From the data that follows, print exactly the lines starting at the one containing "apply/setP => w; rewrite !inE; apply/idP/idP." and ending at the one containing "if w is b :: w' then (if b then gap_ok_after"; include both of them and nothing more.
_____
Lemma bval_root_exists a b c : 1 < a <= b -> 1 <= bval a c -> bval b c <= 1 ->
  exists L, a <= L <= b /\ bval L c = 1.
Proof.
move=> [a_gt1 le_ab] ge1_a le1_b.
set E := fun x => a <= x <= b /\ 1 <= bval x c.
have sq_gt0 : 0 < (a - 1) ^ 2 by apply: pow_lt; lra.
have Ea : E a by split; [split; lra | exact: ge1_a].
have [L [L_ub L_least]] := completeness E (ex_intro _ b (fun x (Ex : E x) => proj2 (proj1 Ex)))
  (ex_intro _ a Ea).
have le_aL : a <= L by apply: L_ub.
have le_Lb : L <= b by apply: L_least => x [[_ le_xb] _].
exists L; split; first lra.
case: (Rtotal_order (bval L c) 1) => [lt1|[//|gt1]]; exfalso.
- have lt_aL : a < L by case: (Req_dec L a) => [eq_La|]; [move: lt1; rewrite eq_La; lra | lra].
  set d := Rmin (L - a) ((1 - bval L c) * (a - 1) ^ 2 / 2).
  have d_gt0 : 0 < d by apply: Rmin_pos; [lra | nra].
  have d_le1 : d <= L - a := Rmin_l _ _.
  have d_le2 : d / (a - 1) ^ 2 <= (1 - bval L c) / 2.
    by apply/Rle_div_l => //; have : d <= (1 - bval L c) * (a - 1) ^ 2 / 2 := Rmin_r _ _; lra.
  have Ld_lt1 : bval (L - d) c < 1.
    have := @bval_lipschitz_at a (L - d) L c ltac:(lra) ltac:(lra).
    by rewrite (_ : L - (L - d) = d); [lra | ring].
  have : L <= L - d.
    apply: L_least => x [[le_ax le_xb] ge1_x]; apply: Rnot_lt_le => lt_x.
    by have := @bval_antimono (L - d) x c ltac:(lra); lra.
  lra.
- have lt_Lb : L < b by case: (Req_dec L b) => [eq_Lb|]; [move: gt1; rewrite eq_Lb; lra | lra].
  set d := Rmin (b - L) ((bval L c - 1) * (a - 1) ^ 2 / 2).
  have d_gt0 : 0 < d by apply: Rmin_pos; [lra | nra].
  have d_le1 : d <= b - L := Rmin_l _ _.
  have d_le2 : d / (a - 1) ^ 2 <= (bval L c - 1) / 2.
    by apply/Rle_div_l => //; have : d <= (bval L c - 1) * (a - 1) ^ 2 / 2 := Rmin_r _ _; lra.
  have : E (L + d).
    split; first by lra.
    have := @bval_lipschitz_at a L (L + d) c ltac:(lra) ltac:(lra).
    by rewrite (_ : L + d - L = d); [lra | ring].
  by move/L_ub; lra.
Qed.

Lemma bval_near_below l c e : 1 < l -> 0 < e -> exists mu, 1 < mu < l /\ bval mu c < bval l c + e.
Proof.
move=> l_gt1 e_gt0; set a := (1 + l) / 2.
have sq_gt0 : 0 < (a - 1) ^ 2 by apply: pow_lt; rewrite /a; lra.
set d := Rmin ((l - 1) / 2) (e * (a - 1) ^ 2 / 2).
have d_gt0 : 0 < d by apply: Rmin_pos; nra.
have d_le1 : d <= (l - 1) / 2 := Rmin_l _ _.
have d_le2 : d / (a - 1) ^ 2 <= e / 2.
  by apply/Rle_div_l => //; have : d <= e * (a - 1) ^ 2 / 2 := Rmin_r _ _; lra.
exists (l - d); split; first lra.
have := @bval_lipschitz_at a (l - d) l c ltac:(rewrite /a; lra) ltac:(lra).
by rewrite (_ : l - (l - d) = d); [lra | ring].
Qed.

Lemma bval_near_above l c e : 1 < l -> 0 < e -> exists mu, l < mu /\ bval l c - e < bval mu c.
Proof.
move=> l_gt1 e_gt0; have sq_gt0 : 0 < (l - 1) ^ 2 by apply: pow_lt; lra.
exists (l + e * (l - 1) ^ 2 / 2); split; first nra.
have := @bval_lipschitz_at l l (l + e * (l - 1) ^ 2 / 2) c ltac:(lra) ltac:(nra).
have -> : (l + e * (l - 1) ^ 2 / 2 - l) / (l - 1) ^ 2 = e / 2 by field; lra.
lra.
Qed.

Lemma TM_equation_bval_kl {l} : 1 < l -> TM_equation l <-> bval l kl = 1.
Proof.
move=> l_gt1; rewrite /TM_equation -is_series_Reals.
have term_eq j : INR (thue_morse j.+1) / l ^ j.+1 = digit_term l kl j.
  by rewrite /thue_morse /digit_term /kl /shift add1n /tm; case: (tm_aux j.+1 j.+1) => /=; lra.
split=> [TM | one].
- by apply: is_series_unique; apply: (is_series_ext _ _ _ term_eq TM).
- apply: (is_series_ext _ _ _ (fun j => esym (term_eq j))).
  by rewrite -one; apply: Series_correct; apply: ex_series_digit_term.
Qed.

Lemma bval_kl_3_2 : 1 < bval (3/2) kl.
Proof.
apply: (Rlt_le_trans _ (bval_prefix (3/2) kl 2)); last by apply: bval_prefix_le; lra.
by rewrite /= /digit_term /=; lra.
Qed.

Lemma bval_kl_2 : bval 2 kl < 1.
Proof.
rewrite (@bval_decomp 2 ltac:(lra) kl 4).
have := @bval_bounds 2 ltac:(lra) (shift 4 kl).
by rewrite /= /digit_term /=; lra.
Qed.

Lemma kl_root_exists : exists L, 1 < L < 2 /\ bval L kl = 1.
Proof.
have [L [L_range L_one]] := @bval_root_exists (3/2) 2 kl ltac:(lra)
  ltac:(have := bval_kl_3_2; lra) ltac:(have := bval_kl_2; lra).
exists L; split=> //; split; first lra.
by case: (Req_dec L 2) => [eq_L2|]; [move: L_one; rewrite eq_L2; have := bval_kl_2; lra | lra].
Qed.

Lemma kl_root_unique l L : 1 < l -> 1 < L -> bval l kl = 1 -> bval L kl = 1 -> l = L.
Proof.
move=> l_gt1 L_gt1 l_one L_one; have kl0 : kl 0%N = true by [].
case: (Rtotal_order l L) => [lt_lL|[//|lt_Ll]].
- by have := bval_strict_antimono (conj l_gt1 lt_lL) kl0; lra.
- by have := bval_strict_antimono (conj L_gt1 lt_Ll) kl0; lra.
Qed.

(** * Words of gap shifts *)

Local Open Scope nat_scope.

Definition count_words (p : seq bool -> bool) (n : nat) : nat := #|[set w : n.-tuple bool | p w]|.

Lemma count_words_ext p q n : p =1 q -> count_words p n = count_words q n.
Proof. by move=> eq_pq; apply: eq_card => w; rewrite !inE eq_pq. Qed.

Lemma count_words0 p : count_words p 0 = p [::].
Proof.
rewrite /count_words; have nil_w (w : 0.-tuple bool) : eqtype.val w = [::] by case: w => [[|]].
case p_nil: (p [::]).
- rewrite (_ : [set w : 0.-tuple bool | p w] = setT) ?cardsT ?card_tuple //.
  by apply/setP => w; rewrite !inE nil_w.
- rewrite (_ : [set w : 0.-tuple bool | p w] = set0) ?cards0 //.
  by apply/setP => w; rewrite !inE nil_w.
Qed.

Lemma count_wordsS p n :
  count_words p n.+1 = count_words (fun w => p (true :: w)) n + count_words (fun w => p (false :: w)) n.
Proof.
rewrite /count_words.
have cons_inj b : injective (fun w : n.-tuple bool => [tuple of b :: w]).
  by move=> w1 w2 /(f_equal eqtype.val) [] /val_inj.
pose W b := (fun w : n.-tuple bool => [tuple of b :: w]) @: [set w : n.-tuple bool | p (b :: w)].
have -> : [set w : n.+1.-tuple bool | p w] = W true :|: W false.
  apply/setP => w; rewrite !inE; apply/idP/idP.
  - rewrite [w]tuple_eta => pw; apply/orP.
    by case: (thead w) pw => pw; [left | right]; apply/imsetP; exists (behead_tuple w); rewrite ?inE.
  - by case/orP => /imsetP [w' pw' ->]; move: pw'; rewrite inE.
rewrite cardsU (_ : W true :&: W false = set0) ?cards0 ?subn0 ?card_imset //.
apply/setP => w; rewrite !inE; apply/negP => /andP [/imsetP [w1 _ ->] /imsetP [w2 _]].
by move/(f_equal eqtype.val) => [].
Qed.

(** An automaton reading words left to right: [gap_ok_after P d w] holds when, after a [1]
    followed by [d] zeros, every gap completed inside [w] has its length in [P]. *)
Fixpoint gap_ok_after (P : nat -> bool) (d : nat) (w : seq bool) : bool :=
  if w is b :: w' then (if b then P d && gap_ok_after P 0 w' else gap_ok_after P d.+1 w') else true.

Fixpoint gap_ok (P : nat -> bool) (w : seq bool) : bool :=
  if w is b :: w' then (if b then gap_ok_after P 0 w' else gap_ok P w') else true.

Lemma count_gap_ok_afterS P d n : count_words (gap_ok_after P d) n.+1 =
  count_words (gap_ok_after P d.+1) n + (if P d then count_words (gap_ok_after P 0) n else 0).
Proof.
rewrite count_wordsS addnC /=; congr (_ + _).
case: (P d); first exact: count_words_ext.
by apply/eqP; rewrite cards_eq0; apply/eqP/setP => w; rewrite !inE.
Qed.

Lemma count_gap_okS P n :
  count_words (gap_ok P) n.+1 = count_words (gap_ok_after P 0) n + count_words (gap_ok P) n.
Proof. exact: count_wordsS. Qed.

Lemma pboolP (Q : Prop) : pbool Q = true <-> Q.
Proof. by rewrite /pbool; case: excluded_middle_informative. Qed.

Definition gapb (S : nat -> Prop) (s : nat) : bool := pbool (S s).

Section GapWords.

Variable S : nat -> Prop.

Definition gap_valid (w : seq bool) : Prop :=
  forall a b, a < b -> b < size w -> nth false w a -> nth false w b ->
    (forall k, a < k -> k < b -> nth false w k = false) -> S (b - a - 1).

(** [w] follows a [1] and [d] zeros, so its first [1], at position [b], closes a gap of
    length [d + b]. *)
Definition first_gap_valid (d : nat) (w : seq bool) : Prop :=
  forall b, b < size w -> nth false w b ->
    (forall k, k < b -> nth false w k = false) -> S (d + b).

Lemma gap_valid_cons_tail x w : gap_valid (x :: w) -> gap_valid w.
Proof.
move=> valid a b lt_ab lt_b wa wb zeros; have := valid a.+1 b.+1 lt_ab lt_b wa wb.
rewrite (_ : b.+1 - a.+1 - 1 = b - a - 1); last lia.
by apply=> -[|k] lt_k lt_kb //=; apply: zeros; lia.
Qed.

Lemma gap_valid_false w : gap_valid (false :: w) <-> gap_valid w.
Proof.
split; first exact: gap_valid_cons_tail.
move=> valid [|a] [|b] lt_ab lt_b wa wb zeros //=.
have := valid a b lt_ab lt_b wa wb; rewrite (_ : b.+1 - a.+1 - 1 = b - a - 1); last lia.
by apply=> k lt_ak lt_kb; exact: (zeros k.+1).
Qed.

Lemma gap_valid_true w : gap_valid (true :: w) <-> gap_valid w /\ first_gap_valid 0 w.
Proof.
split=> [valid|[valid first] [|a] [|b] lt_ab lt_b wa wb zeros //=].
- split; first exact: gap_valid_cons_tail valid.
  move=> b lt_b wb zeros; have := valid 0 b.+1 (ltn0Sn _) lt_b isT wb.
  rewrite (_ : b.+1 - 0 - 1 = 0 + b); last lia.
  by apply=> -[|k] lt_k lt_kb //=; apply: zeros; lia.
- rewrite (_ : b.+1 - 0 - 1 = 0 + b); last lia.
  by apply: first => // k lt_kb; exact: (zeros k.+1).
- have := valid a b lt_ab lt_b wa wb; rewrite (_ : b.+1 - a.+1 - 1 = b - a - 1); last lia.
  by apply=> k lt_ak lt_kb; exact: (zeros k.+1).
Qed.

Lemma first_gap_valid_false d w : first_gap_valid d (false :: w) <-> first_gap_valid d.+1 w.
Proof.
split=> [first b lt_b wb zeros|first [|b] lt_b wb zeros //=].
- have := first b.+1 lt_b wb; rewrite (_ : d + b.+1 = d.+1 + b); last lia.
  by apply=> -[|k] lt_kb //=; apply: zeros; lia.
- have := first b lt_b wb; rewrite (_ : d + b.+1 = d.+1 + b); last lia.
  by apply=> k lt_kb; exact: (zeros k.+1).
Qed.

Lemma first_gap_valid_true d w : first_gap_valid d (true :: w) <-> S d.
Proof.
split=> [first|Sd [|b] lt_b wb zeros //=].
- by have := first 0 (ltn0Sn _) isT; rewrite addn0; apply.
- by rewrite addn0.
- by have := zeros 0 (ltn0Sn _).
Qed.

Lemma gap_ok_afterP d w : gap_ok_after (gapb S) d w <-> gap_valid w /\ first_gap_valid d w.
Proof.
elim: w d => [|[] w IH] d /=.
- by split=> // _; split=> [a b|b].
- rewrite gap_valid_true first_gap_valid_true; split.
  + by case/andP => /pboolP Sd /IH [].
  + by case=> [[valid first] Sd]; apply/andP; split; [apply/pboolP | apply/IH].
- by rewrite gap_valid_false first_gap_valid_false; exact: IH.
Qed.

Lemma gap_okP w : gap_ok (gapb S) w <-> gap_valid w.
Proof.
elim: w => [|[] w IH] /=; first by split=> // _ a b.
- by rewrite gap_valid_true; exact: gap_ok_afterP.
- by rewrite gap_valid_false; exact: IH.
Qed.

Lemma occurs_gap_valid n (w : n.-tuple bool) : occurs (gap_shift S) w -> gap_valid w.
Proof.
case=> x [Xx [i x_w]] a b lt_ab lt_b wa wb zeros; rewrite size_tuple in lt_b.
have x_at k (lt_k : k < n) : x (i + Z.of_nat k)%Z = nth false w k.
  by have := x_w (Ordinal lt_k); rewrite (tnth_nth false).
have := Xx (i + Z.of_nat a)%Z (i + Z.of_nat b)%Z ltac:(lia).
rewrite !x_at ?wa ?wb; try lia.
rewrite (_ : Z.to_nat (i + Z.of_nat b - (i + Z.of_nat a) - 1) = b - a - 1); last lia.
apply=> // k lt_k.
rewrite (_ : k = i + Z.of_nat (Z.to_nat (k - i)))%Z ?x_at; try lia.
by apply: zeros; lia.
Qed.

Lemma gap_valid_occurs n (w : n.-tuple bool) : gap_valid w -> occurs (gap_shift S) w.
Proof.
move=> valid.
pose x z := if ((0 <=? z) && (z <? Z.of_nat n))%Z then nth false w (Z.to_nat z) else false.
have x_in (k : nat) : k < n -> x (Z.of_nat k) = nth false w k.
  move=> lt_k; rewrite /x Nat2Z.id.
  by have -> : ((0 <=? Z.of_nat k) && (Z.of_nat k <? Z.of_nat n))%Z by apply/andP; split; lia.
exists x; split; last by exists 0%Z => k; rewrite (tnth_nth false) x_in.
move=> i j lt_ij; rewrite /x.
case: ifP => [/andP [/Z.leb_le ge0_i /Z.ltb_lt lt_i]|//] wi.
case: ifP => [/andP [/Z.leb_le ge0_j /Z.ltb_lt lt_j]|//] wj zeros.
have := valid (Z.to_nat i) (Z.to_nat j) ltac:(lia) ltac:(rewrite size_tuple; lia) wi wj.
rewrite (_ : Z.to_nat j - Z.to_nat i - 1 = Z.to_nat (j - i - 1)); last lia.
apply=> k lt_ik lt_kj; rewrite -x_in; last lia.
by apply: zeros; lia.
Qed.

Lemma nwords_gap_shift n : nwords (gap_shift S) n = count_words (gap_ok (gapb S)) n.
Proof.
apply: eq_card => w; rewrite !inE; apply/idP/idP.
- by move/pboolP/occurs_gap_valid/gap_okP.
- by move/gap_okP/gap_valid_occurs/pboolP.
Qed.

End GapWords.

Local Open Scope R_scope.

Section WordCountBounds.

Variable P : nat -> bool.

Fixpoint gap_weight (x : R) (d n : nat) : R :=
  if n is n'.+1 then (if P d then 1 else 0) + / x * gap_weight x d.+1 n' else 0.

Lemma gap_weight_ge0 x d n : 0 < x -> 0 <= gap_weight x d n.
Proof.
move=> x_gt0; elim: n d => [|n IH] d /=; first lra.
by have := IH d.+1; have := Rinv_0_lt_compat _ x_gt0; case: (P d); nra.
Qed.

Lemma gap_weight_prefix x d n : 1 < x ->
  gap_weight x d n = x ^ d.+1 * (bval_prefix x P (d + n) - bval_prefix x P d).
Proof.
move=> x_gt1; elim: n d => [|n IH] d /=; first by rewrite addn0; ring.
rewrite IH (_ : (d.+1 + n)%N = (d + n.+1)%N); last lia.
rewrite [bval_prefix x P d.+1]/= /digit_term [x ^ d.+2]/= [x ^ d.+1]/=.
have := pow_nonzero x d ltac:(lra).
by case: (P d) => ?; field; lra.
Qed.

Lemma gap_weight0 x n : 1 < x -> gap_weight x 0 n = x * bval_prefix x P n.
Proof. by move=> x_gt1; rewrite gap_weight_prefix // add0n /=; ring. Qed.

Local Notation B d n := (INR (count_words (gap_ok_after P d) n)).
Local Notation Z n := (INR (count_words (gap_ok P) n)).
_____
▶ ANSWER TO THE PROBLEM
  apply/setP => w; rewrite !inE; apply/idP/idP.
  - rewrite [w]tuple_eta => pw; apply/orP.
    by case: (thead w) pw => pw; [left | right]; apply/imsetP; exists (behead_tuple w); rewrite ?inE.
  - by case/orP => /imsetP [w' pw' ->]; move: pw'; rewrite inE.
rewrite cardsU (_ : W true :&: W false = set0) ?cards0 ?subn0 ?card_imset //.
apply/setP => w; rewrite !inE; apply/negP => /andP [/imsetP [w1 _ ->] /imsetP [w2 _]].
by move/(f_equal eqtype.val) => [].
Qed.

(** An automaton reading words left to right: [gap_ok_after P d w] holds when, after a [1]
    followed by [d] zeros, every gap completed inside [w] has its length in [P]. *)
Fixpoint gap_ok_after (P : nat -> bool) (d : nat) (w : seq bool) : bool :=
  if w is b :: w' then (if b then P d && gap_ok_after P 0 w' else gap_ok_after P d.+1 w') else true.

Fixpoint gap_ok (P : nat -> bool) (w : seq bool) : bool :=
  if w is b :: w' then (if b then gap_ok_after P 0 w' else gap_ok P w') else true.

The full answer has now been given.